Records from a data collection
(* Positivity is needed: for [I1 = 0] the Kronecker product is the empty
   matrix, invertible whatever [C] is. *)
Lemma unitmx_kron I1 I2 (C : 'M[K]_I2) (B : 'M[K]_I1) :
  (0 < I1)%N -> (0 < I2)%N ->
  (kron C B \in unitmx) = (C \in unitmx) && (B \in unitmx).
Proof.
move=> I1_gt0 I2_gt0; apply/idP/andP => [unit_k|[]]; last exact: kron_unitmx.
have one_neq0 n : (0 < n)%N -> const_mx 1 != 0 :> 'M[K]_(n, 1).
  move=> n_gt0; apply/eqP => /matrixP/(_ (Ordinal n_gt0) 0).
  by rewrite !mxE; apply/eqP/oner_neq0.
(* A singular [C] has [v C^T = 0] for some row [v != 0]; then [X := 1 v] is a
   nonzero matrix with [B X C^T = 0]. Symmetrically for [B]. *)
split; apply: contraT; rewrite -unitmx_tr unitmxE unitfE negbK => /det0P [v v_neq0 v0].
- have := kron_unit_inj (X := const_mx 1 *m v) unit_k.
  rewrite -!mulmxA v0 !mulmx0 => /(_ erefl) /mul_col_row_eq0 [/eqP|/eqP].
    by rewrite (negPf (one_neq0 _ I1_gt0)).
  by rewrite (negPf v_neq0).
- have := kron_unit_inj (X := v^T *m (const_mx 1)^T) unit_k.
  rewrite !mulmxA -[B]trmxK -trmx_mul v0 trmx0 !mul0mx => /(_ erefl).
  move/(congr1 trmx); rewrite trmx_mul !trmxK trmx0 => /mul_col_row_eq0 [/eqP|/eqP].
    by rewrite (negPf (one_neq0 _ I2_gt0)).
  by rewrite (negPf v_neq0).
Qed.

Lemma realign_kron I1 I2 (C : 'M[K]_I2) (B : 'M[K]_I1) :
  realign (kron C B) = vecV C *m (vecV B)^T.
Proof.
apply/matrixP => p q.
have [i [j ->]] := vidx_surj p; have [a [b ->]] := vidx_surj q.
by rewrite realignE kronE [RHS]mxE big_ord1 !mxE !unvidxE.
Qed.

Lemma realign_eq0 I1 I2 (M : 'M[K]_(I1 * I2)) : realign M = 0 -> M = 0.
Proof.
move=> M0; apply/matrixP => p q.
have [a [i ->]] := vidx_surj p; have [b [j ->]] := vidx_surj q.
by rewrite -realignE M0 !mxE.
Qed.

Lemma rank_realign_kron I1 I2 (C : 'M[K]_I2) (B : 'M[K]_I1) :
  kron C B != 0 -> \rank (realign (kron C B)) = 1%N.
Proof.
move=> k_neq0; apply/eqP; rewrite eqn_leq; apply/andP; split.
  by rewrite realign_kron (leq_trans (mxrankM_maxl _ _)) ?rank_leq_col.
by rewrite lt0n mxrank_eq0; apply: contraNneq k_neq0 => /realign_eq0->.
Qed.

Lemma mulmx_cast1 m n k (e : k = 1%N) (A : 'M[K]_(m, k)) (B : 'M[K]_(k, n)) :
  A *m B = castmx (erefl m, e) A *m castmx (e, erefl n) B.
Proof. by subst k; rewrite !castmx_id. Qed.

(* [mulmx_base] factors a rank-one realignment as a column [u] times a row
   [v]; then [C] and [B] are [u] and [v] un-vectorized. *)
Lemma realign_rank1_kron I1 I2 (M : 'M[K]_(I1 * I2)) :
  \rank (realign M) = 1%N -> exists C B, M = kron C B.
Proof.
move=> rank1; have := mulmx_base (realign M); rewrite (mulmx_cast1 rank1).
set u := castmx _ (col_base _); set v := castmx _ (row_base _) => uvE.
exists (\matrix_(i, j) u (vidx i j) 0), (\matrix_(a, b) v 0 (vidx a b)).
apply/matrixP => p q.
have [a [i ->]] := vidx_surj p; have [b [j ->]] := vidx_surj q.
by rewrite kronE -realignE -uvE !mxE big_ord1.
Qed.

End KroneckerRealignment.

Section BlockConjugation.
Variables (K : fieldType) (r m n : nat) (e : (r + m)%N = n).
Variables (W1 W1' : 'M[K]_(n, r)) (W2 W2' : 'M[K]_(n, m)).

Let U := castmx (erefl n, e) (row_mx W1 W2).
Let U' := castmx (erefl n, e) (row_mx W1' W2').

Lemma unitmx_ublock (P : 'M[K]_r) (Y : 'M[K]_(r, m)) (Pb : 'M[K]_m) :
  (Ptilde P Y Pb \in unitmx) = (P \in unitmx) && (Pb \in unitmx).
Proof. by rewrite !unitmxE det_ublock unitrM. Qed.

Lemma conj_ublock_unit P Y Pb :
  U \in unitmx -> U' \in unitmx -> P \in unitmx -> Pb \in unitmx ->
  castmx (erefl n, e) (row_mx W1 W2 *m Ptilde P Y Pb) *m invmx U' \in unitmx.
Proof.
rewrite /U /U'; subst n; rewrite !castmx_id => unit_U unit_U' unit_P unit_Pb.
by rewrite !unitmx_mul unitmx_inv unit_U unit_U' unitmx_ublock unit_P unit_Pb.
Qed.

Lemma conj_ublock_stable P Y Pb :
  U' \in unitmx ->
  castmx (erefl n, e) (row_mx W1 W2 *m Ptilde P Y Pb) *m invmx U' *m W1' = W1 *m P.
Proof.
rewrite /U /U'; subst n; rewrite !castmx_id => unit_U'.
have /(congr1 lsubmx) := mulmxKV unit_U' (row_mx W1 W2 *m Ptilde P Y Pb).
rewrite mul_mx_row row_mxKl => ->.
by rewrite /Ptilde block_mxEh mul_mx_row row_mxKl mul_row_col mulmx0 addr0.
Qed.

(* The witness is [invmx U *m M *m U'], whose first block column is
   [col_mx Q 0]. *)
Lemma stable_conj_ublock (M : 'M[K]_n) (Q : 'M[K]_r) :
  U \in unitmx -> U' \in unitmx -> M \in unitmx -> M *m W1' = W1 *m Q ->
  exists Pb Y, [/\ Q \in unitmx, Pb \in unitmx &
    castmx (erefl n, e) (row_mx W1 W2 *m Ptilde Q Y Pb) *m invmx U' = M].
Proof.
rewrite /U /U'; subst n; rewrite !castmx_id => unit_U unit_U' unit_M MW1'.
pose Pt := invmx (row_mx W1 W2) *m M *m row_mx W1' W2'.
have UW1 : invmx (row_mx W1 W2) *m W1 = col_mx 1%:M 0.
  have := mulVmx unit_U; rewrite mul_mx_row scalar_mx_block block_mxEh.
  by case/eq_row_mx.
have PtE : Pt = Ptilde Q (usubmx (rsubmx Pt)) (dsubmx (rsubmx Pt)).
  have lPt : lsubmx Pt = col_mx Q 0.
    by rewrite /Pt mul_mx_row row_mxKl -mulmxA MW1' mulmxA UW1 mul_col_mx mul1mx mul0mx.
  by rewrite /Ptilde block_mxEh -lPt vsubmxK hsubmxK.
have : Pt \in unitmx by rewrite !unitmx_mul unitmx_inv unit_U unit_M unit_U'.
rewrite PtE unitmx_ublock => /andP[unit_Q unit_Pb].
exists (dsubmx (rsubmx Pt)), (usubmx (rsubmx Pt)); split => //.
by rewrite -PtE /Pt !mulmxA mulmxV // mul1mx mulmxK.
Qed.

End BlockConjugation.

Section VectorizedStates.
Variables (K : fieldType) (I1 I2 : nat).

Definition vecmx r (G : 'I_r -> 'M[K]_(I1, I2)) : 'M[K]_(I1 * I2, r) :=
  \matrix_(p, k) vecV (G k) p 0.

Lemma vecmx_mul r s (G : 'I_r -> 'M[K]_(I1, I2)) (P : 'M[K]_(r, s)) :
  vecmx G *m P = vecmx (fun k => \sum_l P l k *: G l).
Proof.
apply/matrixP => p k; rewrite [LHS]mxE [RHS]mxE linear_sum summxE.
by apply: eq_bigr => l _; rewrite linearZ [RHS]mxE mxE mulrC.
Qed.

Lemma kron_mul_vecmx r (G : 'I_r -> 'M[K]_(I1, I2)) C B :
  kron C B *m vecmx G = vecmx (fun k => B *m G k *m C^T).
Proof.
apply/matrixP => p k; rewrite [RHS]mxE vecV_mul !mxE.
by apply: eq_bigr => q _; rewrite !mxE.
Qed.

Lemma vecmx_inj r (G G' : 'I_r -> 'M[K]_(I1, I2)) : vecmx G = vecmx G' -> G =1 G'.
Proof.
move=> /matrixP eqGG' k; apply: vecV_inj; apply/colP => p.
by have := eqGG' p k; rewrite !mxE.
Qed.

Lemma kron_mul_vecmxP r (G Gp : 'I_r -> 'M[K]_(I1, I2)) C B (P : 'M[K]_r) :
  kron C B *m vecmx Gp = vecmx G *m P <->
  (forall k, B *m Gp k *m C^T = \sum_l P l k *: G l).
Proof.
rewrite kron_mul_vecmx vecmx_mul; split => [/vecmx_inj //|eqG].
by apply/matrixP => p k; rewrite !mxE eqG.
Qed.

## EXERCISE OBJECTIVE
Repeat the entries above verbatim, but only from the line that has "Section BlockConjugation." down to the line that has "rewrite mul_mx_row row_mxKl => ->.", inclusive.

## THE ANSWER
Section BlockConjugation.
Variables (K : fieldType) (r m n : nat) (e : (r + m)%N = n).
Variables (W1 W1' : 'M[K]_(n, r)) (W2 W2' : 'M[K]_(n, m)).

Let U := castmx (erefl n, e) (row_mx W1 W2).
Let U' := castmx (erefl n, e) (row_mx W1' W2').

Lemma unitmx_ublock (P : 'M[K]_r) (Y : 'M[K]_(r, m)) (Pb : 'M[K]_m) :
  (Ptilde P Y Pb \in unitmx) = (P \in unitmx) && (Pb \in unitmx).
Proof. by rewrite !unitmxE det_ublock unitrM. Qed.

Lemma conj_ublock_unit P Y Pb :
  U \in unitmx -> U' \in unitmx -> P \in unitmx -> Pb \in unitmx ->
  castmx (erefl n, e) (row_mx W1 W2 *m Ptilde P Y Pb) *m invmx U' \in unitmx.
Proof.
rewrite /U /U'; subst n; rewrite !castmx_id => unit_U unit_U' unit_P unit_Pb.
by rewrite !unitmx_mul unitmx_inv unit_U unit_U' unitmx_ublock unit_P unit_Pb.
Qed.

Lemma conj_ublock_stable P Y Pb :
  U' \in unitmx ->
  castmx (erefl n, e) (row_mx W1 W2 *m Ptilde P Y Pb) *m invmx U' *m W1' = W1 *m P.
Proof.
rewrite /U /U'; subst n; rewrite !castmx_id => unit_U'.
have /(congr1 lsubmx) := mulmxKV unit_U' (row_mx W1 W2 *m Ptilde P Y Pb).
rewrite mul_mx_row row_mxKl => ->.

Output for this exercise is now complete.